Surrounding the Audience

In last month’s column, I looked at some of the issues involved in putting together surround mixes for live sports events through the eyes of Phil Adler, an old friend of mine who’s been doing freelance sports mixing for 18 years; Ron Scalise, audio project manager for remote operations at ESPN and now ABC; and Jim Hilson, senior broadcast audio specialist at Dolby Labs. As we saw, it’s hard enough getting the mixes to make sense at the site, but this month, we look at what happens and what can go wrong when the sound gets sent on its way.

In 1999, the folks at Dolby Labs came up with a way to handle surround audio that fit the way broadcasters — well, most of them — wanted to work, and overcame one of the major obstacles that stood in the way of wide acceptance of surround remote broadcasting. Very simply, the problem was, says Adler, “There’s no way to handle six discrete channels out of the truck, through the routers and over the broadcast path. That’s why they came up with Dolby E.”

Dolby’s Hilson adds, “Most videotape recorders only have four channels of audio. To do surround, we need six channels, or eight if we also want a separate stereo mix at the same time. So Dolby E was developed as a way to get 5.1-channel mixes from point to point.”

Dolby E is a method of coding up to eight audio channels onto a single AES digital pair. The AES signal is 20-bit/48kHz, which allows room for metadata. Its data rate is 1.92 Mbps. It’s a lossy codec, but according to Hilson, “It’s good for up to 10 generations of encode/decode. It’s not as lossy as Dolby Digital. How many you can do depends on the complexity of the signal: Dialog can go several more generations before you notice it, but symphonic music might sound a little weird sooner. In a typical situation, you’re going from the truck to the network, which takes it apart and adds commercials. Then they send it to the affiliate, who also takes it apart and adds commercials. Then they send it to the transmitter, so you’re looking at five or six generations, maximum.”

Another advantage to Dolby E is that it is designed from the ground up to be video editing — friendly. “It’s built on frame boundaries,” says Hilson, “so it can be stored on tape in the video signal and edited right along with the picture. There’s a one-frame delay at encode and decode, but if all you’re doing is a cuts-only edit, the audio is in the right position. If you’re doing a lot of production, then when you do the layback, you just offset the audio.”

Yet another advantage is that the metadata automatically follows the signal as it is encoded and decoded. Among its functions are to keep the channels separate and to convey compression profiles and normalize dialog levels among different sources, such as programs and commercials.

A signal path from a remote truck at a sports event might go like this: The truck generates a 1.5-Gigabit/second uncompressed HD video stream. When it leaves, the signal is compressed as it is fed through an Asynchronous Serial Interface (ASI) to a satellite or fiber-optic network, usually taking the data rate down to between 45 and 60 Megabits/second.
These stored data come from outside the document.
(* Let $A,B,C\in \mathbb{C}^{n\times n}$ satisfy $ABA=ACA$. If $(AC)^{\#}$ and $(BA)^{\#}$ exist, then $(AC)^{\#}$ is similar to $(BA)^{\#}$.
   Context: A matrix $M\in \mathbb{C}^{n\times n}$ is group invertible if there exists $X$ with $MX=XM$, $XMX=X$, $MXM=M$; such $X$ is unique and denoted $M^{\#}$ (the group inverse). Two matrices $M,N$ are similar if $M=S^{-1}NS$ for some invertible $S$. *)

From mathcomp Require Import all_boot all_order all_algebra.
From mathcomp Require Import complex.
From mathcomp Require Import reals.
Set Implicit Arguments. Unset Strict Implicit. Unset Printing Implicit Defensive.
Import GRing.Theory Num.Theory.
Local Open Scope ring_scope.

Definition is_group_inverse (F : nzRingType) (n : nat) (M X : 'M[F]_n) : Prop :=
  [/\ M *m X = X *m M, X *m M *m X = X & M *m X *m M = M].

Definition similar_mx (F : comUnitRingType) (n : nat) (M N : 'M[F]_n) : Prop :=
  exists S : 'M[F]_n, S \in unitmx /\ M = invmx S *m N *m S.

From mathcomp Require Import all_boot all_order all_algebra.
From mathcomp Require Import complex reals.
Import GRing.Theory Num.Theory.
Set Implicit Arguments. Unset Strict Implicit. Unset Printing Implicit Defensive.
Local Open Scope ring_scope.

(* Put M = AC, N = BA and W = A.  Then MW = WN and M^2 = W(CAC), while
   N^2 = B(ABA) = B(ACA) shows rank N <= rank M.  The intertwining MW = WN gives
   X(XW) = (XW)Y, but XW need not be invertible.  Since
   rank (I - MX) = n - rank M <= rank (I - NY), some invertible U puts the rows
   of (I - MX)U inside the row space of I - NY; then K = (I - MX)U satisfies
   XK = KY = KN = 0, and S = XW + K is invertible with XS = SY. *)

Section GroupInverse.
Variables (R : nzRingType) (n : nat) (M X : 'M[R]_n).
Hypothesis gMX : is_group_inverse M X.

Lemma grinv2_mul : X *m X *m M = X.
Proof. by case: gMX => MX XMX _; rewrite -mulmxA -MX mulmxA. Qed.

Lemma mul_grinv2 : M *m X *m X = X.
Proof. by case: gMX => MX XMX _; rewrite MX. Qed.

Lemma grinv_mul2 : X *m M *m M = M.
Proof. by case: gMX => MX _ MXM; rewrite -MX. Qed.

Lemma mul2_grinv : M *m M *m X = M.
Proof. by case: gMX => MX _ MXM; rewrite -mulmxA MX mulmxA. Qed.

Definition ker_proj : 'M[R]_n := 1%:M - M *m X.

Lemma ker_proj_mul : ker_proj *m M = 0.
Proof. by case: gMX => _ _ MXM; rewrite mulmxBl mul1mx MXM subrr. Qed.

Lemma grinv_mul_ker_proj : X *m ker_proj = 0.
Proof. by case: gMX => _ XMX _; rewrite mulmxBr mulmx1 mulmxA XMX subrr. Qed.

Lemma ker_proj_mul_grinv : ker_proj *m X = 0.
Proof. by rewrite mulmxBl mul1mx mul_grinv2 subrr. Qed.

End GroupInverse.

Section GroupInverseRank.
Variables (F : fieldType) (n : nat) (M X : 'M[F]_n).
Hypothesis gMX : is_group_inverse M X.

Lemma mxrank_sqr_grinv : \rank (M *m M) = \rank M.
Proof.
apply/eqP; rewrite eqn_leq mxrankM_maxl /=.
by rewrite -{1}(grinv_mul2 gMX) -mulmxA mxrankM_maxr.
Qed.

Lemma mxrank_ker_proj : \rank (ker_proj M X) = (n - \rank M)%N.
Proof.
rewrite -mxrank_ker; apply: eqmx_rank; rewrite sub_kermx ker_proj_mul // eqxx /=.
have -> : kermx M = kermx M *m ker_proj M X.
  by rewrite mulmxBr mulmx1 mulmxA mulmx_ker mul0mx subr0.
exact: submxMl.
Qed.

End GroupInverseRank.

Section Intertwining.
Variables (R : nzRingType) (n : nat) (M N X Y W : 'M[R]_n).
Hypotheses (gMX : is_group_inverse M X) (gNY : is_group_inverse N Y).
Hypothesis MW_WN : M *m W = W *m N.

Lemma grinv_intertwine_step : X *m W = X *m X *m W *m N.
Proof. by rewrite -{1}(grinv2_mul gMX) -!mulmxA MW_WN. Qed.

Lemma grinv_intertwine_proj : X *m W *m (N *m Y) = X *m W.
Proof.
by rewrite grinv_intertwine_step -!mulmxA [N *m (N *m Y)]mulmxA mul2_grinv.
Qed.

Lemma grinv_intertwine : X *m W *m Y = X *m X *m W.
Proof.
by rewrite grinv_intertwine_step -!mulmxA (mulmxA X W) grinv_intertwine_proj.
Qed.

End Intertwining.

Lemma mxrank_leq_unit_submx (F : fieldType) m k n
    (P : 'M[F]_(m, n)) (Q : 'M[F]_(k, n)) :
  (\rank P <= \rank Q)%N -> exists2 U : 'M_n, U \in unitmx & (P *m U <= Q)%MS.
Proof.
move=> lePQ; pose V := pid_mx (\rank P) *m row_base Q : 'M_(m, n).
have rV : \rank V = \rank P.
  by rewrite mxrankMfree ?row_base_free // rank_pid_mx // rank_leq_row.
have [U uU defV] := eq_rank_unitmx (esym rV); exists U => //.
by rewrite -defV -(eq_row_base Q) submxMl.
Qed.

Lemma unitmx_ker0 (F : fieldType) n (S : 'M[F]_n) :
  (forall v : 'M_n, v *m S = 0 -> v = 0) -> S \in unitmx.
Proof. by move=> inj; rewrite -row_free_unit -kermx_eq0 (inj _ (mulmx_ker S)). Qed.

Lemma similar_grinv_intertwined (F : fieldType) n (M N X Y W Z : 'M[F]_n) :
  is_group_inverse M X -> is_group_inverse N Y ->
  M *m W = W *m N -> M *m M = W *m Z -> (\rank N <= \rank M)%N ->
  similar_mx X Y.
Proof.
move=> gMX gNY MW_WN MM_WZ leNM.
have [U uU] : exists2 U, U \in unitmx & (ker_proj M X *m U <= ker_proj N Y)%MS.
  by apply: mxrank_leq_unit_submx; rewrite !mxrank_ker_proj // leq_sub2l.
case/submxP=> D PU_DQ; pose K := ker_proj M X *m U; pose S := X *m W + K.
have XK : X *m K = 0 by rewrite /K mulmxA (grinv_mul_ker_proj gMX) mul0mx.
have KN : K *m N = 0 by rewrite /K PU_DQ -mulmxA (ker_proj_mul gNY) mulmx0.
have KY : K *m Y = 0 by rewrite /K PU_DQ -mulmxA (ker_proj_mul_grinv gNY) mulmx0.
have XS_SY : X *m S = S *m Y.
  by rewrite mulmxDr mulmxDl XK KY !addr0 (grinv_intertwine gMX gNY) // mulmxA.
have uS : S \in unitmx.
  apply: unitmx_ker0 => v vS0.
  have vXW : v *m (X *m W) = 0.
    (* right multiplication by NY fixes XW and kills K *)
    move/(congr1 (mulmx^~ (N *m Y))): vS0.
    rewrite mulmxDr mulmxDl mul0mx -(mulmxA v K) (mulmxA K) KN mul0mx mulmx0.
    by rewrite addr0 -mulmxA (grinv_intertwine_proj gMX gNY).
  have vK : v *m K = 0 by move: vS0; rewrite mulmxDr vXW add0r.
  have vP : v *m ker_proj M X = 0.
    by rewrite -(mulmxK uU (v *m _)) -(mulmxA v) vK mul0mx.
  have vM : v *m M = 0.
    by rewrite -(grinv_mul2 gMX) -(mulmxA X) MM_WZ !mulmxA -(mulmxA v) vXW mul0mx.
  by move: vP; rewrite mulmxBr mulmx1 mulmxA vM mul0mx subr0.
exists (invmx S); split; first by rewrite unitmx_inv.
by rewrite invmxK -XS_SY mulmxK.
Qed.

Local Open Scope complex_scope.

Theorem corollary3p2 (R : realType) (n : nat) (A B C X Y : 'M[R[i]]_n) :
  A *m B *m A = A *m C *m A ->
  is_group_inverse (A *m C) X ->
  is_group_inverse (B *m A) Y ->
  similar_mx X Y.
Proof.
move=> ABA_ACA gX gY.
apply: (similar_grinv_intertwined (W := A) (Z := C *m (A *m C)) gX gY).
- by rewrite mulmxA ABA_ACA.
- by rewrite !mulmxA.
rewrite -(mxrank_sqr_grinv gY).
have -> : B *m A *m (B *m A) = B *m (A *m C) *m A by rewrite -!mulmxA (mulmxA A B) ABA_ACA !mulmxA.
by rewrite (leq_trans (mxrankM_maxl _ _)) ?mxrankM_maxr.
Qed.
Most ASI systems allow two audio “services” to be carried with the video signal. One can be Dolby E and the other is often a 2-channel feed, compressed at the truck using MPEG-2, which takes it down from 1.536 Mbps to 384 kbps, the same data rate as the audio on a Dolby Digital signal going to the home viewer.
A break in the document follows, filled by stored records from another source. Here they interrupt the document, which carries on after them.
Lemma convex_on_locally_lipschitz (D : R -> Prop) (g : R -> R) :
  (forall x, D x -> exists a b, D a /\ D b /\ a < x < b) ->
  convex_on D g -> locally_lipschitz_on D g.
Proof.
  intros hD hg x hx.
  destruct (hD x hx) as [a [b [ha [hb hab]]]].
  set (a' := (a + x) / 2); set (b' := (x + b) / 2).
  assert (a < a' < x /\ x < b' < b) by (unfold a', b'; lra).
  exists (Rmin (x - a') (b' - x)), (Rabs (slope g a a') + Rabs (slope g b' b)).
  split; [apply Rmin_glb_lt; lra|].
  assert (lipschitz_ordered : forall u v, D u -> D v -> a' <= u -> u < v -> v <= b' ->
    Rabs (g u - g v) <= (Rabs (slope g a a') + Rabs (slope g b' b)) * Rabs (u - v)).
  { intros u v hu hv hau huv hvb.
    pose proof (convex_on_slope_le D g a a' u v hg ha hv ltac:(lra) huv ltac:(lra) ltac:(lra)).
    pose proof (convex_on_slope_le D g u v b' b hg hu hb huv ltac:(lra) ltac:(lra) ltac:(lra)).
    replace (g u - g v) with (- slope g u v * (v - u)) by (unfold slope; field; lra).
    rewrite Rabs_mult, Rabs_Ropp, (Rabs_minus_sym u v).
    apply Rmult_le_compat_r; [apply Rabs_pos|].
    pose proof (Rle_abs (slope g b' b)); pose proof (Rle_abs (- slope g a a')).
    pose proof (Rabs_pos (slope g a a')); pose proof (Rabs_pos (slope g b' b)).
    rewrite Rabs_Ropp in *; apply Rabs_le; lra. }
  intros u v hu hv hux hvx.
  pose proof (Rmin_l (x - a') (b' - x)); pose proof (Rmin_r (x - a') (b' - x)).
  apply Rabs_def2 in hux; apply Rabs_def2 in hvx.
  destruct (Rtotal_order u v) as [huv|[<-|huv]].
  - apply lipschitz_ordered; auto; lra.
  - rewrite !Rminus_diag, Rabs_R0; lra.
  - rewrite (Rabs_minus_sym (g u)), (Rabs_minus_sym u).
    apply lipschitz_ordered; auto; lra.
Qed.

Lemma locally_lipschitz_on_comp (D E : R -> Prop) (h k : R -> R) :
  (forall x, D x -> E (h x)) ->
  locally_lipschitz_on D h -> locally_lipschitz_on E k ->
  locally_lipschitz_on D (fun x => k (h x)).
Proof.
  intros hDE hh hk x hx.
  destruct (hh x hx) as [d1 [L1 [hd1 lip1]]].
  destruct (hk (h x) (hDE x hx)) as [d2 [L2 [hd2 lip2]]].
  assert (hx0 : Rabs (x - x) = 0) by (rewrite Rminus_diag; apply Rabs_R0).
  set (d := Rmin d1 (d2 / (Rabs L1 + 1))).
  assert (hdd : d <= d1 /\ d <= d2 / (Rabs L1 + 1)) by (split; [apply Rmin_l | apply Rmin_r]).
  assert (hd : 0 < d).
  { apply Rmin_glb_lt; auto; apply Rdiv_lt_0_compat; [|pose proof (Rabs_pos L1)]; lra. }
  assert (lip1' : forall u v, D u -> D v -> Rabs (u - x) < d -> Rabs (v - x) < d ->
    Rabs (h u - h v) <= Rabs L1 * Rabs (u - v)).
  { intros u v hu hv hux hvx.
    apply Rle_trans with (L1 * Rabs (u - v)); [apply lip1; auto; lra|].
    apply Rmult_le_compat_r; [apply Rabs_pos | apply Rle_abs]. }
  assert (near : forall u, D u -> Rabs (u - x) < d -> Rabs (h u - h x) < d2).
  { intros u hu hux.
    pose proof (lip1' u x hu hx hux ltac:(lra)).
    pose proof (Rabs_pos L1).
    assert (d2 / (Rabs L1 + 1) * (Rabs L1 + 1) = d2) by (field; lra).
    pose proof (Rabs_pos (u - x)); nra. }
  exists d, (Rabs L2 * Rabs L1); split; auto.
  intros u v hu hv hux hvx.
  apply Rle_trans with (L2 * Rabs (h u - h v)).
  - apply lip2; auto.
  - rewrite Rmult_assoc.
    apply Rle_trans with (Rabs L2 * Rabs (h u - h v));
      [apply Rmult_le_compat_r; [apply Rabs_pos | apply Rle_abs]|].
    apply Rmult_le_compat_l; [apply Rabs_pos | apply lip1'; auto].
Qed.

Lemma locally_lipschitz_on_subset (D E : R -> Prop) (h : R -> R) :
  (forall x, D x -> E x) -> locally_lipschitz_on E h -> locally_lipschitz_on D h.
Proof.
  intros hDE hh x hx.
  destruct (hh x (hDE x hx)) as [d [L [hd lip]]].
  exists d, L; split; auto.
Qed.

Lemma locally_lipschitz_on_ext (D : R -> Prop) (h k : R -> R) :
  (forall x, D x -> h x = k x) -> locally_lipschitz_on D k -> locally_lipschitz_on D h.
Proof.
  intros hhk hk x hx.
  destruct (hk x hx) as [d [L [hd lip]]].
  exists d, L; split; auto.
  intros u v hu hv; rewrite !hhk by auto; auto.
Qed.

Lemma locally_lipschitz_continuity_pt (D : R -> Prop) (h : R -> R) (x : R) :
  locally_lipschitz_on D h -> D x ->
  (exists e, 0 < e /\ forall y, Rabs (y - x) < e -> D y) ->
  continuity_pt h x.
Proof.
  intros hh hx [e [he ball]].
  destruct (hh x hx) as [d [L [hd lip]]].
  intros eps heps.
  pose proof (Rabs_pos L).
  assert (heps' : 0 < eps / (Rabs L + 1)) by (apply Rdiv_lt_0_compat; lra).
  exists (Rmin (Rmin d e) (eps / (Rabs L + 1))); split.
  { apply Rmin_glb_lt; [apply Rmin_glb_lt|]; auto. }
  intros y [_ hy]; simpl in *; unfold R_dist in *.
  pose proof (Rmin_l (Rmin d e) (eps / (Rabs L + 1))).
  pose proof (Rmin_r (Rmin d e) (eps / (Rabs L + 1))).
  pose proof (Rmin_l d e); pose proof (Rmin_r d e).
  assert (hyx : Rabs (h y - h x) <= L * Rabs (y - x)).
  { apply lip; auto; [apply ball; lra | lra | rewrite Rminus_diag, Rabs_R0; lra]. }
  pose proof (Rle_abs L); pose proof (Rabs_pos (y - x)).
  assert (eps / (Rabs L + 1) * (Rabs L + 1) = eps) by (field; lra).
  nra.
Qed.

Lemma lipschitz_of_derivative_bound (h h' : R -> R) (a b K : R) :
  (forall x, a <= x <= b -> derivable_pt_lim h x (h' x)) ->
  (forall x, a <= x <= b -> Rabs (h' x) <= K) ->
  forall u v, a <= u <= b -> a <= v <= b -> Rabs (h u - h v) <= K * Rabs (u - v).
Proof.
  intros hd hK u v hu hv.
  assert (inside : forall c, Rmin v u <= c <= Rmax v u -> a <= c <= b).
  { intros c hc.
    pose proof (Rmin_glb v u a ltac:(lra) ltac:(lra)).
    pose proof (Rmax_lub v u b ltac:(lra) ltac:(lra)); lra. }
  destruct (MVT_abs h h' v u) as [c [e hc]]; [intros c hc; apply hd, inside; auto|].
  rewrite e; apply Rmult_le_compat_r; [apply Rabs_pos | apply hK, inside; auto].
Qed.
At the network, everything is decoded: The video is turned into Serial Digital Interface (SDI) or HD-SDI, the forms in which it can be distributed around the building, and the audio is converted to PCM. SDI video lets you embed up to 16 channels of audio, and some networks take advantage of this, but others put the audio on a separate cable. Commercials and other network feeds are added to the stream, and then it goes out again through an ASI on its way to the network’s affiliate stations.
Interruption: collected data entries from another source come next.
(* Let $r\ge 2$, let $x_1,\dots,x_{r-1},t\in\mathbb{C}$, and let $G$ be a finite graph (loops and multiple edges allowed) with $n$ vertices, each of degree at least $1$. Let $V=\mathbb{C}^r$, $B=I_r$ (so $B_{ij}=\delta_{ij}$), and let $\mathcal{A}=\{A_1,A_2,\dots\}$ be the symmetric tensors with components $A_1^i=t$ if $i=r$ and $A_1^i=0$ if $i\neq r$, and for $d\ge 2$ $$A_d^{i_1\dots i_d}=\begin{cases} x_i & \text{if } (i_1,\dots,i_d) \text{ is a permutation of } (i,i,r,\dots,r) \text{ for some } i\in\{1,\dots,r-1\},\\ t & \text{if } (i_1,\dots,i_d)=(r,\dots,r),\\ 0&\text{otherwise.}\end{cases}$$ Then $$\mathcal{F}_{\mathcal{A},I_r}(G)=\sum_{|\lambda|\le n} t^{\,n-|\lambda|}\,p_\lambda(x_1,\dots,x_{r-1})\,N_\lambda(G),$$ the sum being over all partitions $\lambda$ (including the empty partition) of weight $|\lambda|\le n$.
   Context: Graph function: for $G$ with vertices $v_1,\dots,v_n$ of degrees $d_1,\dots,d_n$ and set of half-edges $H$ (each edge, including a loop, consists of two half-edges), $\mathcal{F}_{\mathcal{A},B}(G)=\sum_{c:H\to\{1,\dots,r\}}\prod_{\{h,h'\}\in E(G)}B_{c(h)c(h')}\prod_{k=1}^n A_{d_k}^{c(h_{k,1})\dots c(h_{k,d_k})}$, where $h_{k,1},\dots,h_{k,d_k}$ are the half-edges at $v_k$; i.e. a copy of $A_{d_k}$ is placed at each vertex and contracted along every edge with $B$. A (multi)cycle of $G$ is a $2$-valent subgraph $C$ (every vertex of $C$ has degree $2$ in $C$, loops counted twice; $C$ need not be connected; the empty subgraph is allowed). Its length $|C|$ is its number of edges; if $C_1,\dots,C_l$ are its connected components, its type is the partition $\lambda_C=[|C_1|,\dots,|C_l|]$ of $|C|$. $N_\lambda(G)$ is the number of cycles of $G$ of type $\lambda$. For $k\ge1$, $p_k(x_1,\dots,x_{r-1})=\sum_i x_i^k$, and for a partition $\lambda=[k_1,\dots,k_l]$, $p_\lambda=\prod_{j=1}^l p_{k_j}$ (with $p_\emptyset=1$); $|\lambda|=k_1+\dots+k_l$. *)

From HB Require Import structures.
From mathcomp Require Import all_boot all_order all_algebra.
From mathcomp Require Import reals.
From mathcomp Require Export complex.
Set Implicit Arguments. Unset Strict Implicit. Unset Printing Implicit Defensive.
Import Order.TTheory GRing.Theory Num.Theory.
Local Open Scope ring_scope.

(* A finite multigraph (loops and multiple edges allowed) with vertex set 'I_n
   is given by a finite type H of half-edges, an incidence map vert : H -> 'I_n
   and a fixed-point-free involution mate : H -> H pairing half-edges into edges
   (an edge {h, mate h} is a loop iff vert h = vert (mate h)). *)

Section Graph.
Variables (n : nat) (H : finType) (vert : H -> 'I_n) (mate : H -> H).

Definition halfedges_at (v : 'I_n) : seq H := enum [pred h | vert h == v].
Definition degree (v : 'I_n) : nat := size (halfedges_at v).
Now let’s jump to the viewer’s set. When it ends up there as part of an HD broadcast, the audio is 384 or 448kbps Dolby Digital. Audio mixers like Dolby Digital. “It is really discrete,” says Adler. “Nothing goes into a channel unless you put it in that channel.” Viewers like it too: “The consumer sees the ‘DD’ light on his $10,000 home theater system,” adds Scalise, “and he’s happy.”

But what goes on during the time between when the signal arrives at the network and when it goes out over an individual station’s transmitter varies a lot, depending on who’s doing it. Says one observer, “Everyone wants to have their own little thing that sets them apart from everyone else.” The on-air networks use ASI — over satellite or fiber — to pass the programs on to their affiliates. But that’s about all they have in common.

CBS, when it distributes the video signal, embeds the Dolby E audio with the video, which the stations can then pull apart and encode into their HD transmissions. At Fox, however, the ASI signal going to the affiliates has already been down-converted to a standard HD video broadcast signal (19.4 Mbps) — a “transport stream” — which could be turned around by the affiliates and transmitted without further conversion. But it’s not quite done that way. First, each station adds local content using a “stream splicer” and then sends the signal to the transmitter.

NBC’s ASI stream, on the other hand, uses a higher 35Mbps bandwidth, which allows it to include eight discrete audio channels in the form of four MPEG-2 pairs. The individual stations decode the audio as PCM, and then can choose which channels they want to include with their video transmissions — some streams, for example, only use the stereo feed and stations on the East Coast might want different audio content from those on the West Coast.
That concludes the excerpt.